Lemma spline_nonneg (j : nat) (x : R) : 0 <= spline (S j) x.
Proof.
  revert x; induction j as [|j IH]; intro x; [apply spline1_bounds|].
  destruct (Rle_dec x (lam - 6 * eps)); [rewrite spline_left by lra; lra|].
  destruct (MVT_Derive (spline (S (S j))) (lam - 6 * eps) x) as [eta [_ Hmvt]].
  { intro t. eexists. apply is_derive_spline. }
  rewrite (spline_left _ (lam - 6 * eps)), (is_derive_unique _ _ _ (is_derive_spline j eta))
    in Hmvt by lra.
  assert (0 <= INR (S (S j)) * spline (S j) eta) by (apply Rmult_le_pos; [apply pos_INR|apply IH]).
  nra.
Qed.

Lemma Derive_n_spline (m k : nat) (x : R) : (k < m)%nat ->
  Derive_n (spline m) k x = INR (fact m) / INR (fact (m - k)) * spline (m - k) x.
Proof.
  revert x; induction k as [|k IH]; intros x Hk.
  { rewrite Nat.sub_0_r. simpl. field. apply INR_fact_neq_0. }
  simpl Derive_n. rewrite (Derive_ext _ _ x (fun t => IH t ltac:(lia))), Derive_scal.
  destruct (m - S k)%nat as [|p] eqn:Hp; [lia|].
  replace (m - k)%nat with (S (S p)) by lia.
  rewrite (is_derive_unique _ _ _ (is_derive_spline p x)).
  change (fact (S (S p))) with (S (S p) * fact (S p))%nat. rewrite mult_INR.
  field. split; [apply INR_fact_neq_0|apply not_0_INR; lia].
Qed.

Lemma ex_derive_n_spline (m k : nat) (x : R) : (k < m)%nat -> ex_derive_n (spline m) k x.
Proof.
  intro Hk. destruct k as [|k]; [exact I|].
  apply (ex_derive_ext (fun t => INR (fact m) / INR (fact (m - k)) * spline (m - k) t)).
  { intro t. symmetry. apply Derive_n_spline. lia. }
  replace (m - k)%nat with (S (S (m - S (S k)))) by lia.
  apply ex_derive_scal. eexists. apply is_derive_spline.
Qed.

Definition witness (r : nat) (x : R) : R := / eps * spline (S r) x.

Lemma witness_nonneg (r : nat) (x : R) : 0 <= witness r x.
Proof. apply Rmult_le_pos; [apply Rlt_le, Rinv_0_lt_compat, eps_gt0|apply spline_nonneg]. Qed.
Lemma odd_cycle_not_probe_P5_free : ~ probe_P5_free (@cycle_rel k).
Proof.
move=> [N [F [N_indep [F_sub [F_sym [F_irr P5f]]]]]]; apply: P5f.
have [i /andP[out4]] : exists i, (vertex (i + 4) \notin N) && (vertex (i.+1 + 4) \notin N).
  apply: (odd_cycle_consecutive_false (p := fun n => vertex (n + 4) \in N) k_odd).
    by rewrite (@vertex_mod (k + 4) 4) // -modnDml modnn.
  move=> n; apply/negP => /andP[nN n1N]; have := N_indep _ _ nN n1N.
  by rewrite cycle_rel_vertex addSn eqxx.
rewrite addSn -addnS => out5.
pose w s := vertex (i + s).
have w_adj s t : s <= 5 -> t <= 5 -> cycle_rel (w s) (w t) = (t == s.+1) || (s == t.+1).
  exact: cycle_rel_window.
have sg := simple_graph_probe_completion F_sym F_irr simple_graph_cycle_rel.
have Fout4 y : F (w 4) y = false by apply: probe_edge_outl F_sub _ _ out4.
have Fout5 y : F (w 5) y = false by apply: probe_edge_outl F_sub _ _ out5.
have F31 : F (w 3) (w 1) = F (w 1) (w 3) := F_sym _ _.
case F13 : (F (w 1) (w 3)); last first.
  apply: (induced_P5_of_path sg (a := w 5) (b := w 4) (c := w 3) (d := w 2) (x := w 1)).
    by rewrite /probe_completion !w_adj.
  by rewrite /probe_completion !w_adj //= !Fout4 !Fout5 F31 F13.
have out0 : w 0 \notin N.
  apply/negP => w0N; have /andP[w1N _] := F_sub _ _ F13.
  by have := N_indep _ _ w0N w1N; rewrite w_adj.
have Fout0 y : F y (w 0) = false by apply: probe_edge_outr F_sub _ _ out0.
apply: (induced_P5_of_path sg (a := w 5) (b := w 4) (c := w 3) (d := w 1) (x := w 0)).
  by rewrite /probe_completion !w_adj //= F31 F13.
by rewrite /probe_completion !w_adj //= !Fout4 !Fout5 Fout0.
Qed.

End OddCycle.

Lemma probe_P5_free_long_odd_cycle_free (T : finType) (e : rel T) :
  probe_P5_free e -> long_odd_cycle_free e.
Proof.
move=> e_probe l l_ge3 C_e.
have k_ge7 : 7 <= 2 * l + 1 by lia.
have k_odd : odd (2 * l + 1) by rewrite oddD oddM.
exact: odd_cycle_not_probe_P5_free k_ge7 k_odd (probe_P5_free_induced C_e e_probe).
Qed.

Definition hexagon_adj (a b : nat) : bool := (b == a.+1 %% 6) || (a == b.+1 %% 6).

Definition capped_hexagon_adj (a b : nat) : bool :=
  if (a < 6) && (b < 6) then hexagon_adj a b
  else ((a == 6) && (b < 2)) || ((b == 6) && (a < 2)).

Definition capped_hexagon : rel 'I_7 := fun x y => capped_hexagon_adj x y.

Definition hexagon_path (k : nat) (u : 'I_5) : 'I_7 :=
  @Ordinal 7 _ (ltnW (ltn_pmod (k + u.+1) (isT : 0 < 6))).

Definition hexagon_colour (c : bool) (x : 'I_7) : bool := (x < 6) && (odd x == c).

Definition hexagon_flip (x : 'I_7) : 'I_7 :=
  if x < 6 then @Ordinal 7 _ (ltnW (ltn_pmod (7 - x) (isT : 0 < 6))) else x.

Local Notation vtx n := (@Ordinal 7 n isT).

Lemma simple_graph_capped_hexagon : simple_graph capped_hexagon.
Proof.
split=> [x y|x]; rewrite /capped_hexagon /capped_hexagon_adj /hexagon_adj.
  by rewrite andbC; case: ifP => _; rewrite orbC.
by case: x => [[|[|[|[|[|[|[|//]]]]]]] ?].
Qed.

Lemma cycle_rel7_triangle_free (a b c : 'I_7) :
  ~~ [&& cycle_rel a b, cycle_rel b c & cycle_rel c a].
Proof.
by case: a b c => [[|[|[|[|[|[|[|//]]]]]]] ?] [[|[|[|[|[|[|[|//]]]]]]] ?] [[|[|[|[|[|[|[|//]]]]]]] ?].
Qed.

Lemma capped_hexagon_long_odd_cycle_free : long_odd_cycle_free capped_hexagon.
Proof.
move=> l l_ge3 [f [f_inj f_ind]].
have l3 : l = 3 by have := leq_card f f_inj; rewrite !card_ord; lia.
subst l; have [g fK gK] := injF_bij f_inj.
have := cycle_rel7_triangle_free (g (vtx 0)) (g (vtx 1)) (g (vtx 6)).
by rewrite -!f_ind !gK.
Qed.

Lemma capped_hexagon_path k (u v : 'I_5) :
  capped_hexagon (hexagon_path k u) (hexagon_path k v) = path_rel u v.
Proof.
rewrite /capped_hexagon /= -!(modnDml k); move: (k %% 6) (ltn_pmod k (isT : 0 < 6)).
by case=> [|[|[|[|[|[|//]]]]]] _; case: u v => [[|[|[|[|[|//]]]]] ?] [[|[|[|[|[|//]]]]] ?].
Qed.

Lemma hexagon_flipK : involutive hexagon_flip.
Proof. by case=> [[|[|[|[|[|[|[|//]]]]]]] ?]; apply: val_inj. Qed.

Lemma capped_hexagon_flip x y :
  capped_hexagon (hexagon_flip x) (hexagon_flip y) = capped_hexagon x y.
Proof. by case: x y => [[|[|[|[|[|[|[|//]]]]]]] ?] [[|[|[|[|[|[|[|//]]]]]]] ?]. Qed.

Lemma hexagon_colour_flip x : hexagon_colour true (hexagon_flip x) = hexagon_colour false x.
Proof. by case: x => [[|[|[|[|[|[|[|//]]]]]]] ?]. Qed.

(* [bs] lists the membership bits of the vertices 0 ... 6 in some N : the check
   says that N is not independent, or is a colour class of the hexagon, or meets
   some hexagon path [hexagon_path k] in no pair of non-consecutive vertices. *)
Definition capped_hexagon_set_check (bs : seq bool) : bool :=
  let m i := nth false bs i in
  [|| has (fun a => has (fun b => [&& m a, m b & capped_hexagon_adj a b]) (iota 0 7)) (iota 0 7),
      has (fun c => all (fun i => m i == (i < 6) && (odd i == c)) (iota 0 7)) [:: false; true] |
      has (fun k => all (fun u => all (fun v =>
             [&& u != v, (v != u.+1) && (u != v.+1) & m ((k + u.+1) %% 6)] ==>
             ~~ m ((k + v.+1) %% 6)) (iota 0 5)) (iota 0 5)) (iota 0 6)].

Lemma capped_hexagon_set_check_all b0 b1 b2 b3 b4 b5 b6 :
  capped_hexagon_set_check [:: b0; b1; b2; b3; b4; b5; b6].
Proof. by case: b0; case: b1; case: b2; case: b3; case: b4; case: b5; case: b6; vm_compute. Qed.

Lemma capped_hexagon_probe_sets (N : {set 'I_7}) :
  (forall x y, x \in N -> y \in N -> ~~ capped_hexagon x y) ->
  (exists c, forall x, (x \in N) = hexagon_colour c x) \/
  (exists k, forall u v, u != v -> ~~ path_rel u v ->
     (hexagon_path k u \notin N) || (hexagon_path k v \notin N)).
Proof.
move=> N_indep; pose bs := [seq inord i \in N | i <- iota 0 7].
have memE i : i < 7 -> nth false bs i = (inord i \in N).
  by move=> i_lt; rewrite (nth_map 0) ?size_iota ?nth_iota.
have memE' (x : 'I_7) : (x \in N) = nth false bs x by rewrite memE // inord_val.
have : capped_hexagon_set_check bs := capped_hexagon_set_check_all _ _ _ _ _ _ _.
case/or3P.
- case/hasP=> a; rewrite mem_iota => a_lt /hasP[b]; rewrite mem_iota => b_lt.
  rewrite !memE // => /and3P[aN bN ab].
  by have := N_indep _ _ aN bN; rewrite /capped_hexagon !inordK ?ab.
- case/hasP=> c _ /allP col; left; exists c => x.
  by rewrite memE'; apply/eqP/col; rewrite mem_iota /=.
- case/hasP=> k _ /allP chordless; right; exists k => u v uv.
  rewrite negb_or => uv_nonadj.
  have pathE w : (hexagon_path k w \in N) = nth false bs ((k + w.+1) %% 6) := memE' _.
  have := chordless u; rewrite mem_iota ltn_ord => /(_ isT) /allP /(_ v).
  rewrite mem_iota ltn_ord -!pathE uv uv_nonadj => /(_ isT) /implyP.
  by case: (hexagon_path k u \in N) => // /(_ isT).
Qed.

Lemma capped_hexagon_even_probe_P5 (N : {set 'I_7}) (F : rel 'I_7) :
  (forall x, (x \in N) = hexagon_colour false x) ->
  (forall x y, F x y -> (x \in N) && (y \in N)) ->
  (forall x y, F x y = F y x) -> (forall x, ~~ F x x) ->
  induced_sub (@path_rel 5) (probe_completion capped_hexagon F).
Proof.
move=> N_even F_sub F_sym F_irr.
have sg := simple_graph_probe_completion F_sym F_irr simple_graph_capped_hexagon.
have Fout x y : ~~ (hexagon_colour false x && hexagon_colour false y) -> F x y = false.
  by apply: contraNF => /F_sub; rewrite !N_even.
case F24 : (F (vtx 2) (vtx 4)); last first.
  apply: (induced_P5_of_path sg (a := vtx 6) (b := vtx 1) (c := vtx 2) (d := vtx 3) (x := vtx 4)) => //.
  by rewrite /probe_completion /= F24 !Fout.
case F04 : (F (vtx 0) (vtx 4)); last first.
  apply: (induced_P5_of_path sg (a := vtx 6) (b := vtx 0) (c := vtx 5) (d := vtx 4) (x := vtx 3)) => //.
  by rewrite /probe_completion /= F04 !Fout.
apply: (induced_P5_of_path sg (a := vtx 6) (b := vtx 1) (c := vtx 2) (d := vtx 4) (x := vtx 5)).
  by rewrite /probe_completion /= F24.
by rewrite /probe_completion /= !Fout.
Qed.

Lemma capped_hexagon_not_probe_P5_free : ~ probe_P5_free capped_hexagon.
Proof.
move=> [N [F wit]]; have [N_indep [F_sub [F_sym [F_irr P5f]]]] := wit.
case: (capped_hexagon_probe_sets N_indep) => [[[] N_col]|[k chordless]].
- have := probe_P5_witness_pullback (can_inj hexagon_flipK) capped_hexagon_flip wit.
  move=> [_ [F'_sub [F'_sym [F'_irr P5f']]]]; apply: P5f'.
  by apply: capped_hexagon_even_probe_P5 F'_sub F'_sym F'_irr => x; rewrite inE N_col hexagon_colour_flip.
- exact: P5f (capped_hexagon_even_probe_P5 N_col F_sub F_sym F_irr).
- apply: P5f; apply: (probe_completion_induced_P5 F_sub F_irr (f := hexagon_path k)) => //.
  exact: capped_hexagon_path.
Qed.

Theorem mainTheorem10 :
  (forall (T : finType) (e : rel T), simple_graph e ->
     probe_P5_free e -> long_odd_cycle_free e) /\
  (exists (T : finType) (e : rel T),
     simple_graph e /\ long_odd_cycle_free e /\ ~ probe_P5_free e).
Proof.
split=> [T e _|]; first exact: probe_P5_free_long_odd_cycle_free.
exists 'I_7, capped_hexagon; split; first exact: simple_graph_capped_hexagon.
split; [exact: capped_hexagon_long_odd_cycle_free | exact: capped_hexagon_not_probe_P5_free].
Qed.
· · · · ·
* [Directions]: For every line above with the word "Ordinal" in it, make a copy.

* [Response]:
  @Ordinal 7 _ (ltnW (ltn_pmod (k + u.+1) (isT : 0 < 6))).
  if x < 6 then @Ordinal 7 _ (ltnW (ltn_pmod (7 - x) (isT : 0 < 6))) else x.
Local Notation vtx n := (@Ordinal 7 n isT).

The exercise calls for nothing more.